→ INSTRUCTIONS FOR THE TASK
Retype exactly the lines below, beginning with the first and ending with the line where "have [c0 [a" appears.

── SUPPLIED INFORMATION

Lemma proj_pair_top_eigen c :
  (forall x, \sum_a R a x = 1%:M) -> (forall a x, orth_proj (R a x)) -> is_cG R c ->
  0 <= c /\ exists a b (w : 'cV[C]_M), w != 0 /\ (R a ord0 + R b ord_max) *m w = (1 + sqrtC c) *: w.
Proof.
move=> HR1 HR HcG.
have [a0 Ra0] : exists a0, R a0 ord0 != 0.
  have [a Ra|R0] := pickP (fun a => R a ord0 != 0); first by exists a.
  have := HR1 ord0; rewrite big1 => [|a _]; last exact/eqP/negbFE/R0.
  move/matrixP/(_ (Ordinal M0) (Ordinal M0)); rewrite !mxE eqxx => /eqP.
  by rewrite eq_sym oner_eq0.
have [c0 [[a b] Bab]] := is_cG_attained (a0, a0) HcG; split=> //.
have [c_eq0|c_neq0] := eqVneq c 0.
  have B0 : B (a0, a0) = 0.
    have [r [r0 Br _]] := opnorm_exists (B (a0, a0)) M0.
    have r_eq0 : r = 0.
      apply/eqP; rewrite eq_le r0 andbT -c_eq0 -[r]sqrtCK.
      by apply: (proj1 HcG); exists a0, a0, (sqrtC r).
    by apply: opnorm_eq0; rewrite -sqrtC0 -r_eq0.
  have [w w0 Ew] := proj_add_eigen_orth (HR a0 ord0) (HR a0 ord_max) Ra0 B0.
  by exists a0, a0, w; rewrite c_eq0 sqrtC0 addr0 scale1r.
have [mu [_ Bmu [v v0 Ev]]] := opnorm_exists (B (a, b)) M0.
have mu_c : mu = c by rewrite -[mu]sqrtCK (opnorm_unique M0 Bmu Bab) sqrtCK.
have mu_gt0 : 0 < mu by rewrite mu_c lt_def c_neq0 c0.
have [w w0 Ew] := proj_add_eigen (HR a ord0) (HR b ord_max) v0 mu_gt0 Ev.
by exists a, b, w; rewrite -mu_c.
Qed.

End MaximalOverlap.

Unset Implicit Arguments. Set Strict Implicit.

Theorem mainTheorem6 (C : numClosedFieldType) (A : finType) (M : nat)
    (pi : 'I_2 -> C) (R : A -> 'I_2 -> 'M[C]_M) (c : C) :
  moe_game pi R ->
  (forall x, pi x = 2^-1) ->
  (forall a x, orth_proj (R a x)) ->
  is_cG R c ->
  forall n : nat, (0 < n)%N ->
    sup_le (uvalues (rep_pi pi n) (rep_R R n)) (qvalues (rep_pi pi n) (rep_R R n)) /\
    le_sup ((2^-1 + 2^-1 * sqrtC c) ^+ n) (uvalues (rep_pi pi n) (rep_R R n)).
Proof.
move=> [_ _ M0 [pi0 _] HRpovm] Hpi HR HcG n _; split.
  apply: sup_le_uvalues_qvalues => f; apply: psd_sum => x.
    by apply: prodr_ge0 => k _.
  exact/orth_proj_psd/rep_R_orth_proj.
have [c0 [a [b [u [u0 Eu]]]]] := proj_pair_top_eigen M0 (fun x => proj2 (HRpovm x)) HR HcG.
pose g (x : 'I_2) := if x == ord0 then a else b.
set lam := 2^-1 + 2^-1 * sqrtC c.
have Tu : strategy_op pi R g *m u = lam *: u.
  have -> : strategy_op pi R g = 2^-1 *: (R a ord0 + R b ord_max).
    by rewrite /strategy_op big_ord_recl big_ord1 !Hpi scalerDr (_ : lift ord0 ord0 = ord_max) //; apply: val_inj.
  by rewrite -scalemxAl Eu scalerA mulrDr mulr1.
have uw0 := tensor_pow_neq0 n u0.
pose gn (x : {ffun 'I_n -> 'I_2}) := [ffun k => g (x k)].
have [r [_ Kr _]] := opnorm_exists (strategy_op (rep_pi pi n) (rep_R R n) gn) (cV_neq0_dim uw0).
move=> y ylt; exists (sqrtC r); split; first by exists gn.
apply: lt_le_trans ylt (le_trans _ (opnorm_ge_eigen Kr uw0 (rep_strategy_op_eigen n Tu))).
have lam0 : 0 <= lam by rewrite addr_ge0 ?mulr_ge0 ?sqrtC_ge0 ?invr_ge0 ?ler0n.
by rewrite ger0_norm ?exprn_ge0.
Qed.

────

→ SOLUTION FOR THIS EXERCISE
Lemma proj_pair_top_eigen c :
  (forall x, \sum_a R a x = 1%:M) -> (forall a x, orth_proj (R a x)) -> is_cG R c ->
  0 <= c /\ exists a b (w : 'cV[C]_M), w != 0 /\ (R a ord0 + R b ord_max) *m w = (1 + sqrtC c) *: w.
Proof.
move=> HR1 HR HcG.
have [a0 Ra0] : exists a0, R a0 ord0 != 0.
  have [a Ra|R0] := pickP (fun a => R a ord0 != 0); first by exists a.
  have := HR1 ord0; rewrite big1 => [|a _]; last exact/eqP/negbFE/R0.
  move/matrixP/(_ (Ordinal M0) (Ordinal M0)); rewrite !mxE eqxx => /eqP.
  by rewrite eq_sym oner_eq0.
have [c0 [[a b] Bab]] := is_cG_attained (a0, a0) HcG; split=> //.
have [c_eq0|c_neq0] := eqVneq c 0.
  have B0 : B (a0, a0) = 0.
    have [r [r0 Br _]] := opnorm_exists (B (a0, a0)) M0.
    have r_eq0 : r = 0.
      apply/eqP; rewrite eq_le r0 andbT -c_eq0 -[r]sqrtCK.
      by apply: (proj1 HcG); exists a0, a0, (sqrtC r).
    by apply: opnorm_eq0; rewrite -sqrtC0 -r_eq0.
  have [w w0 Ew] := proj_add_eigen_orth (HR a0 ord0) (HR a0 ord_max) Ra0 B0.
  by exists a0, a0, w; rewrite c_eq0 sqrtC0 addr0 scale1r.
have [mu [_ Bmu [v v0 Ev]]] := opnorm_exists (B (a, b)) M0.
have mu_c : mu = c by rewrite -[mu]sqrtCK (opnorm_unique M0 Bmu Bab) sqrtCK.
have mu_gt0 : 0 < mu by rewrite mu_c lt_def c_neq0 c0.
have [w w0 Ew] := proj_add_eigen (HR a ord0) (HR b ord_max) v0 mu_gt0 Ev.
by exists a, b, w; rewrite -mu_c.
Qed.

End MaximalOverlap.

Unset Implicit Arguments. Set Strict Implicit.

Theorem mainTheorem6 (C : numClosedFieldType) (A : finType) (M : nat)
    (pi : 'I_2 -> C) (R : A -> 'I_2 -> 'M[C]_M) (c : C) :
  moe_game pi R ->
  (forall x, pi x = 2^-1) ->
  (forall a x, orth_proj (R a x)) ->
  is_cG R c ->
  forall n : nat, (0 < n)%N ->
    sup_le (uvalues (rep_pi pi n) (rep_R R n)) (qvalues (rep_pi pi n) (rep_R R n)) /\
    le_sup ((2^-1 + 2^-1 * sqrtC c) ^+ n) (uvalues (rep_pi pi n) (rep_R R n)).
Proof.
move=> [_ _ M0 [pi0 _] HRpovm] Hpi HR HcG n _; split.
  apply: sup_le_uvalues_qvalues => f; apply: psd_sum => x.
    by apply: prodr_ge0 => k _.
  exact/orth_proj_psd/rep_R_orth_proj.
have [c0 [a [b [u [u0 Eu]]]]] := proj_pair_top_eigen M0 (fun x => proj2 (HRpovm x)) HR HcG.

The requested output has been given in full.